Monitor Matching Methodology
Monitors in Digital Threat Monitoring (DTM) let you define conditions for searching artifacts (called Documents) collected from the deep and dark web for mentions of designated Topics or Entities. DTM uses a sophisticated process to transform Documents into standardized formats that are more likely to match the queries defined in Monitors and generate Alerts..
For more information about creating Monitors, see Create DTM Monitors.
Overview
Terminology
Matching process
Monitor Conditions
Topic Groups
Keyword Topic
Lucene Topic
Overview
The Monitor matching process to extract meaningful Alerts from Documents involves various data ingestion and transformation pipelines as represented in the following diagram:
- Documents are collected from various public and private sources from the internet and transformed to a specific data model.
- Documents are then sent to the Data Extraction and Classification pipeline.
- The extraction process attempts to identify any specific Topics found in that Document. It then attempts to classify the Document by applying labels indicating what the Document is likely about.
- Documents and the extracted and labeled information from the pipeline are sent together to the Monitor Matching pipeline.
- The matcher contains a set of Monitors (or queries) that specify what is being looked for in any given Document.
- If a Document or any of its extracted data matches a Monitor, an Alert is created. The Alert contains a reference to the Monitor and Document, and information about what caused the Document to match.
- The set of Alerts is sent to a persistent data store, from which they are displayed in the DTM web console and accessible through the DTM API.
DTM provides an intuitive workflow to create your own custom Monitor as well as customizable templates for common Monitor use cases. This article provides insight into the methodology used to match Monitor conditions and trigger Alerts for monitored entities.
For more information, see Build Effective Monitors.
Terminology
To understand the processes described in this article, it's important to know the terminology used throughout.
DTM Terminology
-
Document: Source material collected from searches of the deep and dark web. Documents contain the following:
-
Structured data in JSON format from the collected source material.
-
Any extracted Topics from the Document (including people, places, objects, products, and identifiers).
-
Any labels applied to the Document (including threat classifications, Document type, and language).
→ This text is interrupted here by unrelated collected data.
(** If every [l]-pattern is realised E-properly in the family, then no
    [F↑E]-free model contains [T_{n,l}] for large [n]: by finiteness all code
    patterns are realised on at most [M] vertices, Ramsey gives a homogeneous
    set of block indices, and the realisation for its colour embeds weakly. *)
Lemma not_chiA_of_chiB l : chiB fam l -> ~ chiA fam l.
Proof.
move=> [lpos HB] [_ HA].
have [M HM] : exists M, forall c0 : colour k l, exists F, [/\ fam F, nv F <= M &
    exists so, E_proper F (code_pattern c0) so].
  apply: finite_common_bound => [c N N' le [F [f1 f2 f3]]|c0].
    by exists F; split => //; exact: leq_trans f2 le.
  have [F [famF [so Hso]]] := HB _ (@code_pattern_is_pattern _ _ _ c0).
  by exists (nv F), F; split => //; exists so.
have [N0 HN0] := ramsey (Kmax k) (colour k l) (l * M + Kmax k).
have [N [FN _ [h [hinj hed]]]] := HA (l * N0).+1.
pose vert (c : 'I_l) x : 'I_(nv N) := h (inord (x * l + c)).
have [c0 [H [subH szH hom]]] :=
  HN0 (iota 0 N0) (vertex_colouring vert) (eq_leq (esym (size_iota 0 N0))).
have [F [famF FM [so Eso]]] := HM c0.
have HN x : x \in H -> x < N0 by move/(mem_subseq subH); rewrite mem_iota.
have blockK x (c : 'I_l) :
    x \in H -> (inord (x * l + c) : 'I_(l * N0).+1) = x * l + c :> nat.
  by move/HN => xN; rewrite inordK //; apply: block_index_lt.
apply: (Forb_no_weak_embedding FN famF (Hfam famF)).
have [[_ _ Ncan] _] := FN; have [_ _ Fcan] := Hfam famF.
apply: (homogeneous_weak_embedding _ _ Ncan Fcan _ szH hom FM Eso).
- move=> c c' x x' xH x'H /hinj /(congr1 val); rewrite /= !blockK //.
  by case/block_index_inj.
- move=> c c' x x' xH x'H ne; apply: hed.
  by rewrite /Tnl !blockK // !block_index_mod.
- exact: (subseq_sorted ltn_trans subH (iota_ltn_sorted 0 N0)).
Qed.

(** If every 1-pattern is realised up to edges, then all [(N0+1)]-patterns
    are realised E-properly, where [N0] is the Ramsey number for colouring
    K-subsets by rank colours with homogeneous sets of size [M + Kmax]. *)
Lemma chiB_of_U1 :
  (forall Q1 : pattern k 1, is_pattern Q1 -> U 1 (Jfam fam) Q1) -> exists l, chiB fam l.
Proof.
move=> HU.
have [M HM] : exists M, forall c0 : rank_colour k, exists F, [/\ fam F, nv F <= M &
    exists so, is_split so /\ uniform (J F) (rank_pattern c0) so].
  apply: finite_common_bound => [c N N' le [F [f1 f2 f3]]|c0].
    by exists F; split => //; exact: leq_trans f2 le.
  have [_ [[F [famF ->]] [so Hso]]] := HU _ (@rank_pattern_is_pattern _ _ c0).
  by exists (nv F), F; split => //; exists so.
have [N0 HN0] := ramsey (Kmax k) (rank_colour k) (1 * M + Kmax k).
exists N0.+1; split => // Q _.
have [c0 [H [subH szH hom]]] :=
  HN0 (iota 0 N0) (rank_colouring Q) (eq_leq (esym (size_iota 0 N0))).
have [F [famF FM [so [Hs Hu]]]] := HM c0.
exists F; split => //; eexists.
apply: (homogeneous_E_proper _ (Hfam famF) _ szH hom FM Hs Hu).
- by move=> x /(mem_subseq subH); rewrite mem_iota add0n => /ltnW.
- exact: (subseq_sorted ltn_trans subH (iota_ltn_sorted 0 N0)).
Qed.

Lemma chiA_iff_not_chiB l : chiA fam l <-> 0 < l /\ ~ chiB fam l.
Proof.
split=> [hA|[lpos nB]]; last exact: chiA_of_not_chiB.
by split; [case: hA | move=> hB; exact: not_chiA_of_chiB hB hA].
Qed.

End Bounds.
For a list of Document types, see DTM Monitor & Research Tools Fields.
-
-
Monitor: Structured query based on a set of nested conditions.
-
A structured set of criteria to search for in Documents.
-
Allows any part of the Document to be searched for matches.
-
Conditions can be nested and combined to create complex queries.
-
Full text (keyword) searches and Lucene queries are fully supported.
For more information, see Create DTM Monitors.
-
-
Alert: An indication that a Monitor matched content found in a Document. Alerts contain the following:
-
A reference to the original Document.
-
Information about which Topics, labels, and text were matched from the Monitor configuration.
For more information, see Working with Alerts.
-
Monitor Matching Terminology
- Flatten: With JSON content, this process converts nested objects and arrays into key:value (KV) pairs for easier processing and analysis.
- Field: A flattened piece of the original Document to search.
- Token: The smallest set of characters or chunk of useful information contained in a field.
- Tokenize: The act of reducing a field to its component tokens.
- Normalize: Transform data into a standardized structure or format for improved processing.
- Analyzer: A process specific to the field being tokenized that reduces a field to its tokens. Analyzers can change the value of the source text to produce a token that more accurately matches its meaning.
Matching process
Matching starts by transforming (or flattening) the original Document into elements called fields. For example, consider the following original Document:
{
"__id": "00000000-0000-0000-0000-000000000000",
"__type": "message"
"body": "Hello from the Internet!"
"channel": {
"name": "Happy Thoughts"
}
"sender": {
"identity": {
"name": "John Smith"
}
}
}
The matching process flattens this JSON into the following set of fields:
__id: 00000000-0000-0000-0000-000000000000
__type: message
body: Hello from the Internet!
channel.name: Happy Thoughts
sender.identity.name: John Smith
We then tokenize each field to produce tokens using an Analyzer that is appropriate to that field.
Analyzer approach
The analyzing process helps to ensure that Monitor queries have the best possible chance of matching Documents, even if the original Document doesn’t exactly match the query term. In their original form, Documents collected by DTM often contain emojis or unexpected syntax and punctuation. These irregularities are specifically intended to thwart attempts to detect mentions of compromised data on the deep and dark web. Our Analyzers use a sophisticated approach to overcome these efforts, starting with a three-phased process to convert fields into tokens:
- Character Filter: Remove anything from the field that’s not useful. Examples could include whitespace, emoji, or punctuation.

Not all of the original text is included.